Still in High School, the world's best football player of his age faced the TV cameras with an easy smile, delivering a beautiful love-letter to his mother in which he thanked her for rescuing him and his younger brother from an unpromising childhood in Ghana.
Freddy's currently trying to make his way in the Serbian league with a club called Jagodina. The great slope of his promise just proved a mirage. He signed for Benfica at the age of seventeen but, in four years there, made just 11 first-team appearances. His talent was then hawked, humiliatingly, across Europe. By February of this year, he had pitched up in Blackpool but even the basket-case of the Championship could not find a place for him. So he made his way to Serbia via Norway and the Netherlands. Freddy is 25 now, the youngest player ever to play senior international football for the US (at 16 years and 234 days), but un-wanted by his national team since Klinsmann's appointment in 2011.

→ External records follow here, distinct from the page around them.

Lemma Lub_Rbar_ratio_le (P : R -> Prop) (w h0 h1 : R -> R) (c : R) :
  0 < c -> (exists z, P z) -> (forall z, P z -> 0 < w z) ->
  (forall K, 0 <= K -> (forall z, P z -> Rabs (h0 z) <= K * w z) ->
     forall z, P z -> Rabs (h1 z) <= K * w z * c) ->
  Rbar_le (Lub_Rbar (fun x => exists z, P z /\ x = Rabs (h1 z) / w z))
          (Rbar_mult (Lub_Rbar (fun x => exists z, P z /\ x = Rabs (h0 z) / w z)) c).
Proof.
  intros Hc [z0 Hz0] Hw Hscale.
  assert (Hmem : forall z, P z ->
            Rbar_le (Rabs (h0 z) / w z)
                    (Lub_Rbar (fun x => exists z, P z /\ x = Rabs (h0 z) / w z)))
    by (intros z Hz; apply (proj1 (Lub_Rbar_correct _)); exists z; auto).
  assert (Hratio0 : 0 <= Rabs (h0 z0) / w z0)
    by (apply Rmult_le_pos; [apply Rabs_pos | apply Rlt_le, Rinv_0_lt_compat, Hw, Hz0]).
  destruct (Lub_Rbar (fun x => exists z, P z /\ x = Rabs (h0 z) / w z)) as [K| |];
    pose proof (Hmem z0 Hz0) as HK; simpl in HK; [| |contradiction].
  - apply (proj2 (Lub_Rbar_correct _)). intros x [z [Hz ->]]. simpl.
    assert (Hh0 : forall y, P y -> Rabs (h0 y) <= K * w y).
    { intros y Hy. specialize (Hmem y Hy). simpl in Hmem. pose proof (Hw y Hy).
      apply (Rmult_le_reg_r (/ w y)); [apply Rinv_0_lt_compat; lra|].
      replace (K * w y * / w y) with K by (field; lra). exact Hmem. }
    pose proof (Hscale K ltac:(lra) Hh0 z Hz). pose proof (Hw z Hz).
    apply (Rmult_le_reg_r (w z)); [lra|].
    replace (Rabs (h1 z) / w z * w z) with (Rabs (h1 z)) by (field; lra). nra.
  - replace (Rbar_mult p_infty c) with p_infty.
    + destruct (Lub_Rbar _); simpl; trivial.
    + simpl. destruct (Rle_dec 0 c) as [H|H]; [|lra].
      destruct (Rle_lt_or_eq_dec 0 c H); [reflexivity | lra].
Qed.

He should have been America's Messi or Ronaldo, instead he is their after-thought.
Last night, Klinsmann's team was stocked with fine, athletic specimens, earnest young men who were always going to find a life in sport without ever being mistaken for child proteges. They responded well to McGoldrick's opener too and, worryingly for O'Neill, last week's lapses of concentration when defending corners seemed to have eaten into the shadow crew.
Time and again, they seemed in need of an ordnance survey map to locate the man going short and, from one such incident, Fabian Johnson glanced a shot off the outside of Shay Given's right upright.
You could all but feel an American goal coming and, sure enough, in the 38th minute, a lovely, cushioned header from Chris Wondolowski gave Mix Diskerud a virtual tap-in after David Meyler had spilled possession in midfield. Four minutes later, Jozy Altidore almost snapped Given's crossbar in two as the makeshift Irish became disoriented.
But Ireland were in front again on 56 minutes, McGoldrick's back-flick opening the door for Robbie Brady to beat Bill Hamid at his near post.
Thereafter, O'Neill began emptying his bench of the heavier artillery and Shane Long had already smacked a beauty off the inside of Hamid's post when James McClean's 81st minute drive flew in via a wicked deflection off Geoff Cameron.
Then Robbie Brady swung home a nonchalant fourth to giddy cheers. Football, bloody hell.